Cette pratique – permettant de capturer les animaux lors de leur passage de l’Atlantique, où ils ont engraissé tout l’hiver, vers la mer Méditerranée, où ils viennent pondre à partir d’avril – était sur le point de disparaître en Espagne dans les années 1970, pour des raisons économiques.
Elle a finalement été remise au goût du jour grâce à l’intérêt des Japonais, en quête de thons rouges de qualité pour leurs fameux sushis.
– « Technique durable » –
La pêche à la madrague est également pratiquée en Italie, au Portugal et au Maroc. En Espagne, elle est concentrée dans le golfe de Cadix, où elle fait vivre près de 500 pêcheurs, selon l’Organisation des producteurs de poissons d’almadraba (OPP51).
Comme elle repose sur des filets fixes, dont le maillage n’emprisonne que les plus gros poissons, il s’agit d’une « technique durable », assure José Luis García Varas, responsable du programme « Océans » du Fonds mondial pour la nature (WWF) en Espagne.
Au début des années 2000, l’engouement mondial pour les sushis a mis les thons rouges en danger. Mais depuis, des quotas régionaux ont permis à l’espèce de se rétablir. Le thon rouge de l’Atlantique, pêché à Cadix, est passé en 2021 d' »en danger » à « préoccupation mineure » dans la « liste rouge » des espèces menacées de l’UICN.
Conseillés par des Japonais, les pêcheurs de Cadix ont aussi peaufiné leur technique afin de préserver la chair des poissons, qui sont tués sur le coup avec des « luparas », des percuteurs déclenchés sur leur front.
La technologie, elle aussi, a contribué à la nouvelle mode du thon rouge de Cadix.
Salé et exporté vers l’ensemble de l’empire romain durant l’Antiquité, il peut désormais se conserver jusqu’à quatre ans s’il est congelé à -60ºC, comme le fait l’entreprise Gadira, qui achète la production de trois madragues.
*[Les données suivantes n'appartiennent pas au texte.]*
Lemma edf_mean_lt t1 t2 : interior Theta t1 -> interior Theta t2 -> t1 < t2 ->
  mean t1 < mean t2.
Proof.
move=> t1_int t2_int t12.
have t1_Theta : Theta t1 by exact: nbhs_singleton.
have t2_Theta : Theta t2 by exact: nbhs_singleton.
set m := mean t1; set d := (t2 - t1) / c; set q := expR (m * d).
have d_gt0 : 0 < d by rewrite divr_gt0 // subr_gt0.
pose k y := (y - m) * w t2 y - q * ((y - m) * w t1 y).
have w_shift y : w t2 y = w t1 y * expR (y * d).
  by rewrite /edf_weight -expRD /d; congr expR; field; rewrite !gt_eqF.
have kE y : k y = (y - m) * (expR (y * d) - expR (m * d)) * w t1 y.
  by rewrite /k w_shift /q; ring.
have int_k : (\int[nu]_y k y)%R = moment t2 - m * mass t2.
  rewrite RintegralB //; last 2 first.
  - exact: integrable_centered.
  - exact: integrableZl_EFin (integrable_centered _ t1_int).
  rewrite RintegralZl ?Rintegral_centered //; last exact: integrable_centered.
  by rewrite /m /edf_mean divfK ?subrr ?mulr0 ?subr0 // gt_eqF ?edf_mass_gt0.
have : 0 < (\int[nu]_y k y)%R.
  apply: (@Rintegral_gt0 _ _ _ _ (~` [set m])) => //.
  - exact: measurableC.
  - apply: integrableB_EFin => //; first exact: integrable_centered.
    exact: integrableZl_EFin (integrable_centered _ t1_int).
  - move=> y; rewrite kE; have [->|ym] := eqVneq y m; first by rewrite subrr !mul0r.
    by rewrite mulr_ge0 ?expR_ge0 // ltW // subr_mul_expR_gt0.
  - by move=> y /eqP ym; rewrite kE mulr_gt0 ?expR_gt0 // subr_mul_expR_gt0.
by rewrite int_k subr_gt0 /edf_mean ltr_pdivlMr ?edf_mass_gt0.
Qed.

Lemma edf_mean_inj t1 t2 : interior Theta t1 -> interior Theta t2 ->
  mean t1 = mean t2 -> t1 = t2.
Proof.
move=> t1_int t2_int mean_eq.
have [/(edf_mean_lt t1_int t2_int)|/(edf_mean_lt t2_int t1_int)|//] := ltgtP t1 t2;
  by rewrite mean_eq ltxx.
Qed.

Lemma canon_link_derive1 th : interior Theta th ->
  canon_link kappa Theta (derive1 kappa th) = th.
Proof.
move=> th_int; rewrite /canon_link.
have : [set t | interior Theta t /\ derive1 kappa t = derive1 kappa th]
    (xget 0 [set t | interior Theta t /\ derive1 kappa t = derive1 kappa th]).
  by apply: xgetPex; exists th.
set t := xget _ _ => -[t_int t_eq].
by apply: edf_mean_inj; rewrite // -!derive1_kappa.
Qed.

Let measurable_density th :
  measurable_fun setT (EFin \o edf_density kappa v phi a th).
Proof.
apply/measurable_EFinP; rewrite (funext (edf_densityE th)).
by apply: measurable_funM => //; exact: measurable_edf_weight.
Qed.

Let density_ge0 th y : (0 <= (EFin \o edf_density kappa v phi a th) y)%E.
Proof. by rewrite lee_fin expR_ge0. Qed.

Let law th := density_measure nu (measurable_density th) (density_ge0 th).

Lemma edf_lower_coverage th delta : interior Theta th -> 0 < delta < 1 ->
  ((1 - delta)%:E <=
     \int[nu]_(y in [set y | edf_lower nu kappa Theta v phi a delta y
                              <= (derive1 kappa th)%:E])
        (edf_density kappa v phi a th y)%:E)%E.
Proof.
move=> th_int /andP[d_gt0 d_lt1].
have law1 : law th setT = 1%E by apply: edf_density_normed; exact: nbhs_singleton.
apply: le_trans (measure_cdf_strict_le law1 _ _) _.
- by rewrite subr_gt0.
- by rewrite lerBlDr lerDl ltW.
apply: ge0_le_integral_subset => [y _|y /= F_le]; first exact: density_ge0.
apply: ereal_inf_lbound; exists (derive1 kappa th) => //.
by split; [exists th | rewrite canon_link_derive1].
Qed.

Lemma edf_upper_coverage th delta : interior Theta th -> 0 < delta < 1 ->
  ((1 - delta)%:E <=
     \int[nu]_(y in [set y | (derive1 kappa th)%:E
                              <= edf_upper nu kappa Theta v phi a delta y])
        (edf_density kappa v phi a th y)%:E)%E.
Proof.
move=> th_int /andP[d_gt0 d_lt1].
have law1 : law th setT = 1%E by apply: edf_density_normed; exact: nbhs_singleton.
apply: le_trans (measure_cdf_ge law1 (ltW d_gt0) d_lt1) _.
apply: ge0_le_integral_subset => [y _|y /= F_ge]; first exact: density_ge0.
apply: ereal_sup_ubound; exists (derive1 kappa th) => //.
by split; [exists th | rewrite canon_link_derive1].
Qed.

End exponential_dispersion_family.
Auparavant, « il y avait plus de 18 conserveries ici car tout le thon devait être traité » sans délai pour éviter qu’il ne pourrisse, se souvient le directeur général de cette entreprise, Andrés Jordan.
– « 25 textures et 25 saveurs » –
Dans cette partie de l’Andalousie, la relance de la pêche à la madrague s’est accompagnée d’un regain intérêt gastronomique pour ce poisson – auparavant exporté à plus de 80% au Japon et désormais consommé à près de 70% en Espagne et dans le reste de l’Europe, selon l’OPP51.
« Le thon a 25 parties », et donc « 25 textures et 25 saveurs » qui pour beaucoup « n’étaient pas connues » en Espagne auparavant, souligne Julio Vázquez, chef de 43 ans à la tête du restaurant El Campero, à Barbate, dont la carte comprend jusqu’à 32 plats à base de thon rouge.
« Lorsque ma mère ou ma grand-mère cuisinaient, il n’y avait pas autant de diversité », se souvient le cuisinier, en rappelant que le principal livre de cuisine des foyers espagnols de l’époque, « 1080 recettes de cuisine » de Simone Ortega, ne contenait qu’une seule recette de thon: « le gratin de thon en boîte ».
Aujourd’hui, des milliers de touristes viennent chaque année dans la région pour déguster du thon rouge.
« L’année dernière, 105.000 tapas ont été vendues en quatre jours » lors de la « Route du thon », festival gastronomique organisé en mai à Zahara de los Atunes, ville côtière baptisée ainsi en référence aux thons (atunes en espagnol), selon son maire, Agustín Conejo.